BEGIN MATERIAL FOR THIS EXERCISE

Lemma mem_phase2_win t k0 k : win -> t \in x k0 ->
  (t \in x' k) = (k == if k0 \in C then Some i else k0).
Proof.
rewrite /x' /phase2_step -/C -/win => w tk0; rewrite w ffunE.
have uniq_t k1 : t \in x k1 -> k1 = k0 by move=> tk1; apply: alloc_uniq tk1 tk0.
have [->{k}|ki] := eqVneq k (Some i).
  apply/bigcupP/idP => [[k1 k1C /uniq_t e]|]; first by rewrite -e k1C.
  case: ifP => [k0C _|k0C /eqP ik0]; first by exists k0.
  suff : Some i \in C by rewrite ik0 k0C.
  by apply: owner_bundle_meets; apply/set0Pn; exists t; rewrite ik0.
case k0C: (k0 \in C); case: ifP => kC.
- by rewrite inE (negbTE ki).
- apply/idP/eqP => [/uniq_t ek|ek]; first by rewrite ek k0C in kC.
  by rewrite ek eqxx in ki.
- by rewrite inE; apply/esym/eqP => ek; rewrite ek k0C in kC.
- by apply/idP/eqP => [/uniq_t|->].
Qed.

Lemma demand_sub_winner : win -> S i \subset x' (Some i).
Proof.
move=> w; apply/subsetP => t tSi; have [k0 tk0] := alloc_cover t x_alloc.
suff k0C : k0 \in C by rewrite (mem_phase2_win _ w tk0) k0C.
by rewrite inE; apply/set0Pn; exists t; rewrite inE tk0.
Qed.

Lemma phase2_step_alloc : is_alloc x'.
Proof.
case: (boolP win) => [w|/phase2_step_lose -> //].
apply: is_allocP => [t k k'|t]; have [k0 tk0] := alloc_cover t x_alloc.
  by rewrite !(mem_phase2_win _ w tk0) => /eqP -> /eqP ->.
by eexists; rewrite (mem_phase2_win _ w tk0).
Qed.

Lemma phase2_step_demand : demand_met x'.
Proof.
case: (boolP win) => [w|/phase2_step_lose -> //].
move=> j /set0Pn [t0]; have [k1 t0k1] := alloc_cover t0 x_alloc.
rewrite (mem_phase2_win _ w t0k1); case: ifP => k1C /eqP ej.
  by case: ej => ->; apply: demand_sub_winner.
subst k1; apply/subsetP => t tSj.
have txj : t \in x (Some j) by apply: (subsetP (x_dem _)) tSj; apply/set0Pn; exists t0.
by rewrite (mem_phase2_win _ w txj) k1C.
Qed.

Lemma phase2_step_meet_value T : meet_value x T <= meet_value x' T.
Proof.
case: (boolP win) => [w|/phase2_step_lose -> //].
set B := [set k | x k :&: T != set0]; set B' := [set k | x' k :&: T != set0].
have mapB k : k \in B -> (if k \in C then Some i else k) \in B'.
  rewrite inE => /set0Pn [t /setIP [tk tT]]; rewrite inE; apply/set0Pn; exists t.
  by rewrite inE tT andbT (mem_phase2_win _ w tk).
have BDC_B' : B :\: C \subset B'.
  by apply/subsetP => k /setDP [kB kC]; have := mapB k kB; rewrite (negbTE kC).
rewrite /meet_value -/B -/B' (big_setID C) /=.
have [->|/set0Pn [k /setIP [kB kC]]] := eqVneq (B :&: C) set0.
  by rewrite big_set0 add0r ler_sum_subset //; apply: wv_ge0.
have iB' : Some i \in B' by have := mapB k kB; rewrite kC.
have iBDC : Some i \notin B :\: C.
  apply/negP => /setDP [iB]; apply/negP/negPn; apply: owner_bundle_meets.
  by apply: contraTneq iB => e; rewrite inE e set0I eqxx.
apply: le_trans (_ : v i + \sum_(k in B :\: C) wv v k <= _).
  rewrite lerD2r; apply: le_trans (ltW w); apply: ler_sum_subset wv_ge0.
  exact: subsetIr.
rewrite -[v i]/(wv v (Some i)) -big_setU1 //= ler_sum_subset //; last exact: wv_ge0.
by rewrite subUset sub1set iB'.
Qed.

Lemma phase2_step_covers : v i <= meet_value x' (S i).
Proof.
case: (boolP win) => [w|lose]; last by rewrite phase2_step_lose // leNgt.
apply: (meet_value_ge (k := Some i)); rewrite (setIidPr (demand_sub_winner w)).
exact: S_neq0.
Qed.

END MATERIAL FOR THIS EXERCISE

**PROBLEM DESCRIPTION:**
Output all of the data in full, exactly as given.

**SOLUTION TO THE PROBLEM:**
Lemma mem_phase2_win t k0 k : win -> t \in x k0 ->
  (t \in x' k) = (k == if k0 \in C then Some i else k0).
Proof.
rewrite /x' /phase2_step -/C -/win => w tk0; rewrite w ffunE.
have uniq_t k1 : t \in x k1 -> k1 = k0 by move=> tk1; apply: alloc_uniq tk1 tk0.
have [->{k}|ki] := eqVneq k (Some i).
  apply/bigcupP/idP => [[k1 k1C /uniq_t e]|]; first by rewrite -e k1C.
  case: ifP => [k0C _|k0C /eqP ik0]; first by exists k0.
  suff : Some i \in C by rewrite ik0 k0C.
  by apply: owner_bundle_meets; apply/set0Pn; exists t; rewrite ik0.
case k0C: (k0 \in C); case: ifP => kC.
- by rewrite inE (negbTE ki).
- apply/idP/eqP => [/uniq_t ek|ek]; first by rewrite ek k0C in kC.
  by rewrite ek eqxx in ki.
- by rewrite inE; apply/esym/eqP => ek; rewrite ek k0C in kC.
- by apply/idP/eqP => [/uniq_t|->].
Qed.

Lemma demand_sub_winner : win -> S i \subset x' (Some i).
Proof.
move=> w; apply/subsetP => t tSi; have [k0 tk0] := alloc_cover t x_alloc.
suff k0C : k0 \in C by rewrite (mem_phase2_win _ w tk0) k0C.
by rewrite inE; apply/set0Pn; exists t; rewrite inE tk0.
Qed.

Lemma phase2_step_alloc : is_alloc x'.
Proof.
case: (boolP win) => [w|/phase2_step_lose -> //].
apply: is_allocP => [t k k'|t]; have [k0 tk0] := alloc_cover t x_alloc.
  by rewrite !(mem_phase2_win _ w tk0) => /eqP -> /eqP ->.
by eexists; rewrite (mem_phase2_win _ w tk0).
Qed.

Lemma phase2_step_demand : demand_met x'.
Proof.
case: (boolP win) => [w|/phase2_step_lose -> //].
move=> j /set0Pn [t0]; have [k1 t0k1] := alloc_cover t0 x_alloc.
rewrite (mem_phase2_win _ w t0k1); case: ifP => k1C /eqP ej.
  by case: ej => ->; apply: demand_sub_winner.
subst k1; apply/subsetP => t tSj.
have txj : t \in x (Some j) by apply: (subsetP (x_dem _)) tSj; apply/set0Pn; exists t0.
by rewrite (mem_phase2_win _ w txj) k1C.
Qed.

Lemma phase2_step_meet_value T : meet_value x T <= meet_value x' T.
Proof.
case: (boolP win) => [w|/phase2_step_lose -> //].
set B := [set k | x k :&: T != set0]; set B' := [set k | x' k :&: T != set0].
have mapB k : k \in B -> (if k \in C then Some i else k) \in B'.
  rewrite inE => /set0Pn [t /setIP [tk tT]]; rewrite inE; apply/set0Pn; exists t.
  by rewrite inE tT andbT (mem_phase2_win _ w tk).
have BDC_B' : B :\: C \subset B'.
  by apply/subsetP => k /setDP [kB kC]; have := mapB k kB; rewrite (negbTE kC).
rewrite /meet_value -/B -/B' (big_setID C) /=.
have [->|/set0Pn [k /setIP [kB kC]]] := eqVneq (B :&: C) set0.
  by rewrite big_set0 add0r ler_sum_subset //; apply: wv_ge0.
have iB' : Some i \in B' by have := mapB k kB; rewrite kC.
have iBDC : Some i \notin B :\: C.
  apply/negP => /setDP [iB]; apply/negP/negPn; apply: owner_bundle_meets.
  by apply: contraTneq iB => e; rewrite inE e set0I eqxx.
apply: le_trans (_ : v i + \sum_(k in B :\: C) wv v k <= _).
  rewrite lerD2r; apply: le_trans (ltW w); apply: ler_sum_subset wv_ge0.
  exact: subsetIr.
rewrite -[v i]/(wv v (Some i)) -big_setU1 //= ler_sum_subset //; last exact: wv_ge0.
by rewrite subUset sub1set iB'.
Qed.

Lemma phase2_step_covers : v i <= meet_value x' (S i).
Proof.
case: (boolP win) => [w|lose]; last by rewrite phase2_step_lose // leNgt.
apply: (meet_value_ge (k := Some i)); rewrite (setIidPr (demand_sub_winner w)).
exact: S_neq0.
Qed.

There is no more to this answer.